Fighting Libraries and First Success

After installing AI models with understandable UI/UX, it was necessary to see how easily a heavy repository could be deployed in the cloud, for free.

FLUX.1 from startup Black Forest Labs is one of the leading image generation models, competing with corporate Midjourney and Nano Banana. With the right hardware, software can run autonomously offline and bypass censorship.

The test used the lightest free version—FLUX.1 Schnell. To facilitate interaction with open solutions, developers create target frameworks like Ollama. Popular image generation interfaces include ComfyUI and Forge.

During attempts to install the Forge implementation — cagliostro-forge-colab — a whole Google Colab GPU session was spent. The problem was a classic beginner mistake—version mismatch of Python, cloud environment, and the model itself. After four hours of VYB coding, success with Gemini 3 Flash was not achieved.

Eventually, the framework installation was abandoned, and deployment of FLUX.1 was attempted in the next free session on another day.

In practice, free Google Colab is more convenient on weekends: during this time, the platform often provides longer access.

The model occupied about 34 GB of cloud SSD disk space. However, all processes related to installation ultimately used about 86 GB.

Resources used by Google Colab cloud machine. Screenshot: ForkLog.
Initially, FLUX.1 Schnell ran out of video memory on Nvidia Tesla T4. The unadapted configuration hit GPU limits until a series of simple code experiments with Gemini 3 Flash helped make adjustments, using staged memory loading and clearing. As a result, about 3 GB of the available 16 GB VRAM was used during generation.

Screenshot: ForkLog.
Creating one image took about seven minutes. Considering it’s a free version of an open model, the result was pleasantly surprising.

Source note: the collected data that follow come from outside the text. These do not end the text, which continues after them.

Lemma sum_deg_in_sym (X Y : {set T}) :
  \sum_(x in X) deg_in x Y = \sum_(y in Y) deg_in y X.
Proof.
rewrite /deg_in exchange_big /=; apply: eq_bigr => y _; apply: eq_bigr => x _.
by rewrite rsym.
Qed.

Lemma sum_deg_split (X : {set T}) :
  \sum_(v in X) deg_in v setT = \sum_(v in X) deg_in v X + \sum_(v in ~: X) deg_in v X.
Proof.
rewrite [\sum_(v in ~: X) _]sum_deg_in_sym -big_split; apply: eq_bigr => v _.
by rewrite -(deg_in_setC v X).
Qed.
End Neighbours.

Lemma deg_deg_in n (g : rel 'I_n) v : deg g v = deg_in g v setT.
Proof.
rewrite /deg -sum1_card /deg_in big_mkcond /= [RHS]big_mkcond /=.
by apply: eq_bigr => w _; rewrite !inE; case: (g v w).
Qed.

(* Counting ordered pairs of distinct elements of a j-set split by an
   a-subset, and of a k-set against an a-subset. *)
Lemma pairs_split a j : a <= j ->
  a * (j - a) + (j - a) * (j - 1) + a * (a - 1) = j * (j - 1).
Proof. move=> aj; nia. Qed.

Lemma pairs_extend a k : a <= k ->
  k * (k - 1) <= a * (a - 1) + 2 * ((k - a) * (k - 1)).
Proof. move=> ak; nia. Qed.

Definition slack (T : finType) (r : rel T) (S : {set T}) : int :=
  ((#|S| * (#|S| - 1) + \sum_(x in ~: S) minn #|S| (deg_in r x setT))%N%:Z
   - (\sum_(x in S) deg_in r x setT)%N%:Z)%R.

Lemma slack_le (T1 T2 : finType) (r1 : rel T1) (r2 : rel T2)
    (S1 : {set T1}) (S2 : {set T2}) :
  #|S1| * (#|S1| - 1) + \sum_(x in ~: S1) minn #|S1| (deg_in r1 x setT)
      + \sum_(x in S2) deg_in r2 x setT
    <= #|S2| * (#|S2| - 1) + \sum_(x in ~: S2) minn #|S2| (deg_in r2 x setT)
      + \sum_(x in S1) deg_in r1 x setT ->
  (slack r1 S1 <= slack r2 S2)%R.
Proof. rewrite /slack; lia. Qed.

Section InducedSubgraph.
Variables (V W : finType) (g : rel V) (h : rel W) (f : W -> V).
Hypotheses (gsym : symmetric g) (girr : irreflexive g) (hsym : symmetric h)
  (finj : injective f) (fh : forall x y, h x y = g (f x) (f y)).
Variable T : {set V}.
Let A := f @^-1: T.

Generated image using FLUX.1 Schnell. Source: ForkLog.
Trying multiple times to generate an image of Marilyn Manson in Victorian style with FLUX.1 Schnell probably didn’t recognize the reference to a specific person and produced only a generalized visual template.

Generated image of a performer based on the prompt “draw Marilyn Manson in Victorian style” with FLUX.1 Schnell. Source: ForkLog.## Complex and Incredible

Open neural networks have long been used not only for text and image generation but also for more niche and unusual tasks. A vivid example of unconventional AI application is the GameNGen model, capable of recreating the gameplay of the classic shooter DOOM in real time.

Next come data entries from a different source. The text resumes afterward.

Section Prolongation.
Variables (K : fieldType) (r s : int).
Local Notation n := (dimV r s).
Local Notation gl := (glM K r s).
Local Notation D := (delta_rs K r s).
Implicit Types (X Y : gl) (c : K).

(* Entries of X indexed by naturals, extended by zero outside the square;
   this lets us write the action of the shift delta without boundary cases. *)
Definition entry X (i j : nat) : K :=
  if ((i <= n) && (j <= n))%N then X (inord i) (inord j) else 0.

Lemma entry_ord X (i j : 'I_n.+1) : entry X i j = X i j.
Proof. by rewrite /entry -ltnS ltn_ord -ltnS ltn_ord !inord_val. Qed.

Lemma entry_outl X i j : (n < i)%N -> entry X i j = 0.
Proof. by rewrite /entry ltnNge => /negbTE ->. Qed.

Lemma entry_outr X i j : (n < j)%N -> entry X i j = 0.
Proof. by rewrite /entry [(j <= n)%N]leqNgt => ->; rewrite andbF. Qed.

Lemma entry_inj X Y : (forall i j, entry X i j = entry Y i j) -> X = Y.
Proof.
by move=> XY; apply/matrixP => i j; rewrite -[X i j]entry_ord -[Y i j]entry_ord XY.
Qed.

Lemma entryZ c X i j : entry (c *: X) i j = c * entry X i j.
Proof. by rewrite /entry; case: ifP; rewrite ?mxE ?mulr0. Qed.

Lemma entry0 i j : entry 0 i j = 0.
Proof. by rewrite /entry; case: ifP; rewrite ?mxE. Qed.

Lemma entry_delta i j : (i <= n)%N -> (j <= n)%N -> entry D i j = (i.+1 == j)%:R.
Proof. by move=> hi hj; rewrite /entry hi hj mxE !inordK. Qed.

Lemma mul_delta_mx_entry X (i j : 'I_n.+1) : (D *m X) i j = entry X i.+1 j.
Proof.
rewrite mxE (eq_bigr (fun l : 'I_n.+1 => if (l : nat) == i.+1 then entry X l j else 0)).
  rewrite -big_mkcond /= (big_ord1_eq _ (fun l => entry X l j)).
  by case: ltnP => // /entry_outl ->.
by move=> l _; rewrite mxE eq_sym entry_ord; case: eqP; rewrite ?mul1r ?mul0r.
Qed.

Source: GameNGen/Github. GameNGen doesn’t simulate the game in the usual sense but generates video sequentially: the model predicts what the next frame should look like after user actions (e.g., movement or shooting). Because of this, enemies, objects, and scene changes are not “calculated” by the engine but visually reproduced as the most probable outcome.

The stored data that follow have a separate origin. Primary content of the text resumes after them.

Lemma points_check_sound t ok S : points_check t ok S ->
  [/\ forall P, P \in points (map vec_of S) -> is_point P,
      #|points (map vec_of S)| = size S &
      forall L, is_line L -> ok #|on_line (points (map vec_of S)) L|].
Proof.
case/and5P=> t_neq0 tE S_uniq S_uni /andP[S_free S_ok].
have t_kills_zero_divisors a d : t * a != 0 -> a * d = 0 -> d = 0.
  move=> ta ad; move/allP: tE => /(_ a (mem_E a)) /allP /(_ d (mem_E d)).
  by rewrite ta ad eqxx => /eqP.
have vS_uniq : uniq (map vec_of S) by rewrite map_inj_uniq //; apply: can_inj vec_ofK.
have span1_inj : {in map vec_of S &, injective (@span1 R)}.
  move=> _ _ /mapP[p pS ->] /mapP[q qS ->] /span1_eq_scale[r].
  rewrite scale_vec_of => /(can_inj vec_ofK) pq; congr vec_of; apply/eqP.
  move/allP: S_free => /(_ p pS) /allP /(_ q qS) /allP /(_ r (mem_E r)).
  by move/implyP; apply; rewrite pq.
split.
- move=> P; apply: (points_point t_kills_zero_divisors).
  by rewrite all_map; apply: sub_all S_uni => p; rewrite /= unimodular_vec_of.
- by rewrite card_points ?size_map.
move=> L /(card_on_line t_neq0 t_kills_zero_divisors vS_uniq span1_inj)[w uw ->].
rewrite -[w]coordsK count_map unimodular_vec_of in uw *.
under eq_count do rewrite /= dot_vec_of.
exact: (implyP (all3P S_ok _) uw).
Qed.

Lemma blocking_set_of_check t k n S : points_check t (leq n) S -> size S = k ->
  blocking_set k n (points (map vec_of S)).
Proof. by move=> /points_check_sound[pts card lines] <-. Qed.

Lemma proj_arc_of_check t k n S : points_check t (fun c => c <= n)%N S -> size S = k ->
  proj_arc k n (points (map vec_of S)).
Proof. by move=> /points_check_sound[pts card lines] <-. Qed.

End Check.

Definition enum_Z9 : seq 'Z_9 := [seq i%:R | i <- iota 0 9].

Lemma mem_enum_Z9 (a : 'Z_9) : a \in enum_Z9.
Proof. by apply/mapP; exists (val a); rewrite ?natr_Zp // mem_iota ltn_ord. Qed.

Definition Z9_of (p : nat * nat * nat) : 'Z_9 * 'Z_9 * 'Z_9 :=
  (p.1.1%:R, p.1.2%:R, p.2%:R).

Definition blocking_Z9 := map Z9_of [::
  (0, 1, 1); (0, 1, 2); (0, 1, 3); (0, 1, 5); (0, 1, 7); (1, 0, 1); (1, 0, 2);
  (1, 0, 4); (1, 0, 5); (1, 1, 0); (1, 1, 3); (1, 1, 7); (1, 1, 8); (1, 2, 0);
  (1, 2, 4); (1, 2, 5); (1, 2, 6); (1, 3, 0); (1, 3, 1); (1, 3, 3); (1, 3, 5);
  (1, 3, 6); (1, 3, 7); (1, 3, 8); (1, 4, 2); (1, 4, 3); (1, 4, 4); (1, 4, 6);
  (1, 5, 0); (1, 5, 2); (1, 5, 3); (1, 5, 7); (1, 6, 2); (1, 6, 4); (1, 6, 7);
  (1, 6, 8); (1, 7, 0); (1, 7, 1); (1, 7, 5); (1, 7, 6); (1, 8, 1); (1, 8, 3);
  (1, 8, 6); (1, 8, 8); (3, 0, 1); (3, 1, 1); (3, 1, 3); (3, 1, 4); (3, 1, 5);
  (3, 1, 8); (3, 2, 4); (3, 2, 5); (3, 2, 6); (3, 2, 7); (3, 2, 8); (3, 3, 1);
  (3, 6, 1)]%N.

Among autonomous systems, the Voyager project stands out—a neural agent for Minecraft. It explores the game world, gathers resources, and continuously self-trains.

The scientific community also actively adapts open AI for their needs, for example, using algorithms to decode history. Researchers from Tel Aviv and Munich universities trained the Akkademia model to directly translate ancient Akkadian cuneiform into English. It allows processing thousands of damaged clay tablets, accelerating archaeologists’ work by dozens of times.

No less interesting is the MinD-Vis project. This system analyzes functional MRI data and attempts to reconstruct images the subject observes during scanning. It generates an interpretation of what the person sees based on brain activity patterns.

Such initiatives prove that artificial intelligence has become a universal tool for understanding and modeling reality. The shift from closed corporate APIs to open source forms a completely new paradigm of technological development. Today, any researcher, developer, or enthusiast can deploy infrastructure that a few years ago would require multi-million-dollar investments in server farms.

The ecosystem’s development is inevitably accompanied by improved user experience: complex scripts are replaced by intuitive interfaces and automated deployment environments. Tools like Ollama and Forge demonstrate that privacy, censorship resistance, and high performance can coexist harmoniously in one software solution. The future of the AI industry today largely depends on how strong, scalable, and independent the open ecosystem remains.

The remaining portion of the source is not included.